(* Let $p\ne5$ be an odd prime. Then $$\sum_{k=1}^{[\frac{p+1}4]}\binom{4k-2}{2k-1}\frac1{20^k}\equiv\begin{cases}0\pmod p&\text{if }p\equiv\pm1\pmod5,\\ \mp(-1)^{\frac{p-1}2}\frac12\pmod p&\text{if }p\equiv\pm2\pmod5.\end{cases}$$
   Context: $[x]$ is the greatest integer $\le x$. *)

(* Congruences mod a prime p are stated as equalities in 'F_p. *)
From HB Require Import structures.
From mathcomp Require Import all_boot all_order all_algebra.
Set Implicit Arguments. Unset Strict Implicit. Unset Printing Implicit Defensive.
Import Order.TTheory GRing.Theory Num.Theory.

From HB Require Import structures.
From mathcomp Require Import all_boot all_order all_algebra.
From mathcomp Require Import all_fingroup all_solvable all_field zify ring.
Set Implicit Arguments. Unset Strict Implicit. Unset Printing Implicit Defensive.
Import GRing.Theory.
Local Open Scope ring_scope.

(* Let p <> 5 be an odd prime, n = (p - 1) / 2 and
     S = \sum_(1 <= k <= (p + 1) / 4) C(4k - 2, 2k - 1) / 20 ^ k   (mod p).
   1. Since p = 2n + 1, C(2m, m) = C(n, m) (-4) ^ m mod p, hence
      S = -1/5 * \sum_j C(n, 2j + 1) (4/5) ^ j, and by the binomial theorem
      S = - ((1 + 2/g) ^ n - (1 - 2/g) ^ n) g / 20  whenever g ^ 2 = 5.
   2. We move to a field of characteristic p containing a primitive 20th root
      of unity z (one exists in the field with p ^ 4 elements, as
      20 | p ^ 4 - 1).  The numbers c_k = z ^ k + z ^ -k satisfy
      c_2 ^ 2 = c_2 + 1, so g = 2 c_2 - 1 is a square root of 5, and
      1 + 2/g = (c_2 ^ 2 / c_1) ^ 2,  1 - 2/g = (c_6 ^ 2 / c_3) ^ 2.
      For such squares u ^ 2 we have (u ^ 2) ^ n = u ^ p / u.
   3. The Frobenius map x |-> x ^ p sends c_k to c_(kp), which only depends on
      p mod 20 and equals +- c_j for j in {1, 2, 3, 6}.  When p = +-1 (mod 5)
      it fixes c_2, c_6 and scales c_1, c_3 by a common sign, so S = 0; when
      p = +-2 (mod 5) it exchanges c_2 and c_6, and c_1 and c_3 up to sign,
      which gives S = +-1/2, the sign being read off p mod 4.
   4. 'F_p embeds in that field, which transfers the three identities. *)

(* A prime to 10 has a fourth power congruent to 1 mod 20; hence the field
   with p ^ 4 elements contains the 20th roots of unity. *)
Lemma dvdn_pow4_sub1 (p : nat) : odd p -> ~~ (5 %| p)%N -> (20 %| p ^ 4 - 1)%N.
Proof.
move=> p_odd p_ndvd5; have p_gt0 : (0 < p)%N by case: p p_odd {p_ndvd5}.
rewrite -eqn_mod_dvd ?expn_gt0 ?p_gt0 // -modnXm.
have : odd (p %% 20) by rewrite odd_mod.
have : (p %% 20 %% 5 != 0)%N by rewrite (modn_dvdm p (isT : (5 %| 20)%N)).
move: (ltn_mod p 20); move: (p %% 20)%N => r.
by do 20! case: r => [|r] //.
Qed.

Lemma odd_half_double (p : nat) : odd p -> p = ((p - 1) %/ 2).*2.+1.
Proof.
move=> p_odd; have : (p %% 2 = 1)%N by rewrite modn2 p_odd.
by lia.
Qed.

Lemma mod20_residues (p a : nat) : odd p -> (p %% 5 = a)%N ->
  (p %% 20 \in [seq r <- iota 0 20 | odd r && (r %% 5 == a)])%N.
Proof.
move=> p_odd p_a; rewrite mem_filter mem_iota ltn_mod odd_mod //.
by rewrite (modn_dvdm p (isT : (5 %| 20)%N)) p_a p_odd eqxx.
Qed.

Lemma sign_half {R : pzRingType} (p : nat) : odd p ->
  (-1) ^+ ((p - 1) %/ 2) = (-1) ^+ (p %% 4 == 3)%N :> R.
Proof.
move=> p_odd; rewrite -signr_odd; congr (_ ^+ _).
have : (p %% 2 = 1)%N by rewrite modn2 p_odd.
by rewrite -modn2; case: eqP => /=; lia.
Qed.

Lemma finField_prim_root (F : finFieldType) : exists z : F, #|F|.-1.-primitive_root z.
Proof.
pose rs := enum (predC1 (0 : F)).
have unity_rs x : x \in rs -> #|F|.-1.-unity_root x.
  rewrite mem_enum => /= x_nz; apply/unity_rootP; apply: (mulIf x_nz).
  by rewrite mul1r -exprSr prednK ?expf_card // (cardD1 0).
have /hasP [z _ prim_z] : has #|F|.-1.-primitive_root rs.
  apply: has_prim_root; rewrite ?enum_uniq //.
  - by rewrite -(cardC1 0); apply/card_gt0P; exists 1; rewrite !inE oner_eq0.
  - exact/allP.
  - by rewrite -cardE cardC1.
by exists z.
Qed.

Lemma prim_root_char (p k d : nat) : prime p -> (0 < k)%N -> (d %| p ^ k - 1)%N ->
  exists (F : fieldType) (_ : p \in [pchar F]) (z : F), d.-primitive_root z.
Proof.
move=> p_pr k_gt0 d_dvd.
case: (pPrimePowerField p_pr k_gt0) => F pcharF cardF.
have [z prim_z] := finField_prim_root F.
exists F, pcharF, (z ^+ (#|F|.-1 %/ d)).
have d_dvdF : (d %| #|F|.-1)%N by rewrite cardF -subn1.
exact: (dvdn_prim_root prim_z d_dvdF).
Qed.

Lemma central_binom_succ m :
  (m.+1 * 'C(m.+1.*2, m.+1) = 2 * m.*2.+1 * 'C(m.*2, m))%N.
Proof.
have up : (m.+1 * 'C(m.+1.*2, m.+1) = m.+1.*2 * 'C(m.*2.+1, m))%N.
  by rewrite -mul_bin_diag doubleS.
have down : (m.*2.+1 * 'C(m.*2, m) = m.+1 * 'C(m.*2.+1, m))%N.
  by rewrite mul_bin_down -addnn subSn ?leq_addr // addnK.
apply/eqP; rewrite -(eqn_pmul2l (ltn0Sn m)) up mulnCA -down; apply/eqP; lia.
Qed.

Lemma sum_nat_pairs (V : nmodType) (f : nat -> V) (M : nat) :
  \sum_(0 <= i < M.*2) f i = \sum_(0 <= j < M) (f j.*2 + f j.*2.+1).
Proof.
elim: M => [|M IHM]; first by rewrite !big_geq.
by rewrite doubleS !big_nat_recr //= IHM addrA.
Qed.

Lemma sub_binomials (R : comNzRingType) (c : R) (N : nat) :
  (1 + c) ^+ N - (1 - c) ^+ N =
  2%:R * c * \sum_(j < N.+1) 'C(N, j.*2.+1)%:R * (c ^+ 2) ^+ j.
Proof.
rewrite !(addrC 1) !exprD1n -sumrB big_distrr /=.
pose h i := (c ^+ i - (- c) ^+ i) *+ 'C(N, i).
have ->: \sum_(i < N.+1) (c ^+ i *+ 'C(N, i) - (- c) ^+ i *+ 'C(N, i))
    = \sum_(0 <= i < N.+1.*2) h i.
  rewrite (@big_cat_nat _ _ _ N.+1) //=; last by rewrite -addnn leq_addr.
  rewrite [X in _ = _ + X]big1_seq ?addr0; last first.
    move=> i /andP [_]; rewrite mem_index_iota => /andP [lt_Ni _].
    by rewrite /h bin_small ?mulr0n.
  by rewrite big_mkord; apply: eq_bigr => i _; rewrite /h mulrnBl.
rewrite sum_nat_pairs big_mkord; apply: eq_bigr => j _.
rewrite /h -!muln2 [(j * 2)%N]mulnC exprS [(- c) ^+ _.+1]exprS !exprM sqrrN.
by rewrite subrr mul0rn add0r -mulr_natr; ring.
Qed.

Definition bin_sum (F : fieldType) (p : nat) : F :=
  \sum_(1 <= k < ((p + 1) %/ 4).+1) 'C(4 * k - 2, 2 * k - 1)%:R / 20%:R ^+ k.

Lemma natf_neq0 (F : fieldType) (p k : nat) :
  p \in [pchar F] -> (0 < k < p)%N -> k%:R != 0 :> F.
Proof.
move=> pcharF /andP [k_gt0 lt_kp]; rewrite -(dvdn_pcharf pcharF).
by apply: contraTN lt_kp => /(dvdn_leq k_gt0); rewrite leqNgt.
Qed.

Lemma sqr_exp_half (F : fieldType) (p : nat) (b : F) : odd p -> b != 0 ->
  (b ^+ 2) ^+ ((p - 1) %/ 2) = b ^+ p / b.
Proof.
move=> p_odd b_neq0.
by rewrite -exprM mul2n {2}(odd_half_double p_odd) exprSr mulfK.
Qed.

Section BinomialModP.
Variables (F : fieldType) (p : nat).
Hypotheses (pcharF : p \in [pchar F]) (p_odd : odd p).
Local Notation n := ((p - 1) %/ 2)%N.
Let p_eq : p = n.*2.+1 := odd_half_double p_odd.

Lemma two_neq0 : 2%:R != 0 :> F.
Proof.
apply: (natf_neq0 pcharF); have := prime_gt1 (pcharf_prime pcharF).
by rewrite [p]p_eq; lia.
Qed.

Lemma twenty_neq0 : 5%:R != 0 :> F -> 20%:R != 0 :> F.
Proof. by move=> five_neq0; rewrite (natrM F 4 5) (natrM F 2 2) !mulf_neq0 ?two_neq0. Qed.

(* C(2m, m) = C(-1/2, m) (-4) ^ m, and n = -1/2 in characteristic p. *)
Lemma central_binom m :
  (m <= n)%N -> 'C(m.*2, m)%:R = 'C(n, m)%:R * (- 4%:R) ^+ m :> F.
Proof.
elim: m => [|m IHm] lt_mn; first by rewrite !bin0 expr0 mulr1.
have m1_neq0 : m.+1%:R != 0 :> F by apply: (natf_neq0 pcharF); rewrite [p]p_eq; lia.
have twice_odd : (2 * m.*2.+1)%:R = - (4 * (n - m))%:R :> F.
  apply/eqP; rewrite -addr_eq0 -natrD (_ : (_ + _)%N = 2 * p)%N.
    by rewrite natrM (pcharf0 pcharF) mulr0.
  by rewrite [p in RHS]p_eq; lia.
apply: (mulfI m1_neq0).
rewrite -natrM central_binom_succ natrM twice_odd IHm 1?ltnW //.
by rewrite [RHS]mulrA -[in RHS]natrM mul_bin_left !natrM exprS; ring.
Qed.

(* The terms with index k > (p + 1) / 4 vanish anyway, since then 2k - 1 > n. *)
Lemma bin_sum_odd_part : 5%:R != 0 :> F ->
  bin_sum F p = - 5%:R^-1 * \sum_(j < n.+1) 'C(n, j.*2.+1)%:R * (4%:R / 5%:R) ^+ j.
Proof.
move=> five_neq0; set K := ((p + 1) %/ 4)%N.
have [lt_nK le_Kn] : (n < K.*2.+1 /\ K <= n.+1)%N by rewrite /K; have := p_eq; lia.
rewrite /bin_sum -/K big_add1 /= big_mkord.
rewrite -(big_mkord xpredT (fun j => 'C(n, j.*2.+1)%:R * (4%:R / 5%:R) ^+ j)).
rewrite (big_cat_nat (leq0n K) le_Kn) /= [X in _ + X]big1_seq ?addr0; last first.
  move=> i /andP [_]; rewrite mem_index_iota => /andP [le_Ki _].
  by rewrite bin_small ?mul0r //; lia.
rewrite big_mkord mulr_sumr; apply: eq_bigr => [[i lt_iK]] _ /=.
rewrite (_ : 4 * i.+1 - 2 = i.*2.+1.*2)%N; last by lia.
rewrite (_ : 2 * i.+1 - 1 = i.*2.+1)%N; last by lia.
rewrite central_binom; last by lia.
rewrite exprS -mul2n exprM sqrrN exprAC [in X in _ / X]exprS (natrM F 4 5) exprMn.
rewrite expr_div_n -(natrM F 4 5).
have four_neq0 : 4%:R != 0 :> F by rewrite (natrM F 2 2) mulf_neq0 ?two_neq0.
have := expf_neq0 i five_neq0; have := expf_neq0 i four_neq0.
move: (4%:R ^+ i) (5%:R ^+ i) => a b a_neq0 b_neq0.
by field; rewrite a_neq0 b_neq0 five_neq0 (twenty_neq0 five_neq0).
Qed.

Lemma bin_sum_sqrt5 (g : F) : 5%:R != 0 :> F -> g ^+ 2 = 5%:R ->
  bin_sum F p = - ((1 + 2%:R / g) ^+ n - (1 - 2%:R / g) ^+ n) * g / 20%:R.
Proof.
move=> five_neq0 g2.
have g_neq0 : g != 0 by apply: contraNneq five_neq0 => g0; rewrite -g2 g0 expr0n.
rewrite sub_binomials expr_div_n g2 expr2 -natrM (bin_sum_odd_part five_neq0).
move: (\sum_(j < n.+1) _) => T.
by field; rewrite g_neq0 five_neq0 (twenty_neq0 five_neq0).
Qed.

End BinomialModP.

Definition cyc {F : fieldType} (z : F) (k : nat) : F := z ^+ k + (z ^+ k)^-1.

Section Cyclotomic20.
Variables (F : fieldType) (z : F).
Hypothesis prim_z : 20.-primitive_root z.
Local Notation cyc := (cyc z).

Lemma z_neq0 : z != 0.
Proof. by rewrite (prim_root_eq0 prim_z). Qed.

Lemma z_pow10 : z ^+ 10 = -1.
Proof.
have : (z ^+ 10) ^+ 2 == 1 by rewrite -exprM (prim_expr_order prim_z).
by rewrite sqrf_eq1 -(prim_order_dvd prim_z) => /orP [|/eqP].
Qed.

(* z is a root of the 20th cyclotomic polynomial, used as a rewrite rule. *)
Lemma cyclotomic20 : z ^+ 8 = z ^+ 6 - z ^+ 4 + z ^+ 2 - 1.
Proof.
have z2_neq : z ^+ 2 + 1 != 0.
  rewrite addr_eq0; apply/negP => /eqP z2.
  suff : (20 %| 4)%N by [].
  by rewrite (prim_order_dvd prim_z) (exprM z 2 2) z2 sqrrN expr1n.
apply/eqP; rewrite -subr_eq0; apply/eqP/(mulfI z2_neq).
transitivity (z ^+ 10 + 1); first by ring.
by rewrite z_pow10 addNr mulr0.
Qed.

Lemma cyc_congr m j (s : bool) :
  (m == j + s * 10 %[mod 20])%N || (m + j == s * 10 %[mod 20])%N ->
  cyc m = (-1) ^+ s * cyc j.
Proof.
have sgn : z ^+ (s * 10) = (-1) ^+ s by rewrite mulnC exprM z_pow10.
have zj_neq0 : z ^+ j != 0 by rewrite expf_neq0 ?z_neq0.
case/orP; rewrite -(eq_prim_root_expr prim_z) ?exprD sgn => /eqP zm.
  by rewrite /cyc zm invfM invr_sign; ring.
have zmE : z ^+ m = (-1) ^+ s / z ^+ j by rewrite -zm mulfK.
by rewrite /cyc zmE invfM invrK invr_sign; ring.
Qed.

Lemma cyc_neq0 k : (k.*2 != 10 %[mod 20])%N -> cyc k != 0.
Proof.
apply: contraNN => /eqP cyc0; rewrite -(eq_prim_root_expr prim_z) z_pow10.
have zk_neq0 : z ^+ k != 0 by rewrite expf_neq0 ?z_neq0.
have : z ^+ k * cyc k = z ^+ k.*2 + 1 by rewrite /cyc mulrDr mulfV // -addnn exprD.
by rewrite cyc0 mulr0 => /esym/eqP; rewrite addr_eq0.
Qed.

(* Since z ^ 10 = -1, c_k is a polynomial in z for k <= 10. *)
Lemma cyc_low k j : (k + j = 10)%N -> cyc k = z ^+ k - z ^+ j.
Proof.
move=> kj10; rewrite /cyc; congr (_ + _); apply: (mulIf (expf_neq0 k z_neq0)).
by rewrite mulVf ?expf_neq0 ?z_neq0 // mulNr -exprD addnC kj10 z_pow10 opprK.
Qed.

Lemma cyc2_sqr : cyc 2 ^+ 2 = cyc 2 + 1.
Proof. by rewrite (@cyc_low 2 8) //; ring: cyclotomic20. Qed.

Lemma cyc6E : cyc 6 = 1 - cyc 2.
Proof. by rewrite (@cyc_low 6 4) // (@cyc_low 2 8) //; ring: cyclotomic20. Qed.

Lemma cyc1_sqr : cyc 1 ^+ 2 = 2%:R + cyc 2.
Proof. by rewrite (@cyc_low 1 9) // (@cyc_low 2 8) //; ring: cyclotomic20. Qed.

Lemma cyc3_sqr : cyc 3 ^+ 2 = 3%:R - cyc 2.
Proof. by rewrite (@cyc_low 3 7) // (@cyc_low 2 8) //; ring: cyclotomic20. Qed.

═══

* **Assigned task**:
When you repeat the lines, start with the first line of the material and end with the line that contains "S = \sum_(1", keeping both and reproducing each exactly, with nothing added.

* **Solved problem**:
(* Let $p\ne5$ be an odd prime. Then $$\sum_{k=1}^{[\frac{p+1}4]}\binom{4k-2}{2k-1}\frac1{20^k}\equiv\begin{cases}0\pmod p&\text{if }p\equiv\pm1\pmod5,\\ \mp(-1)^{\frac{p-1}2}\frac12\pmod p&\text{if }p\equiv\pm2\pmod5.\end{cases}$$
   Context: $[x]$ is the greatest integer $\le x$. *)

(* Congruences mod a prime p are stated as equalities in 'F_p. *)
From HB Require Import structures.
From mathcomp Require Import all_boot all_order all_algebra.
Set Implicit Arguments. Unset Strict Implicit. Unset Printing Implicit Defensive.
Import Order.TTheory GRing.Theory Num.Theory.

From HB Require Import structures.
From mathcomp Require Import all_boot all_order all_algebra.
From mathcomp Require Import all_fingroup all_solvable all_field zify ring.
Set Implicit Arguments. Unset Strict Implicit. Unset Printing Implicit Defensive.
Import GRing.Theory.
Local Open Scope ring_scope.

(* Let p <> 5 be an odd prime, n = (p - 1) / 2 and
     S = \sum_(1 <= k <= (p + 1) / 4) C(4k - 2, 2k - 1) / 20 ^ k   (mod p).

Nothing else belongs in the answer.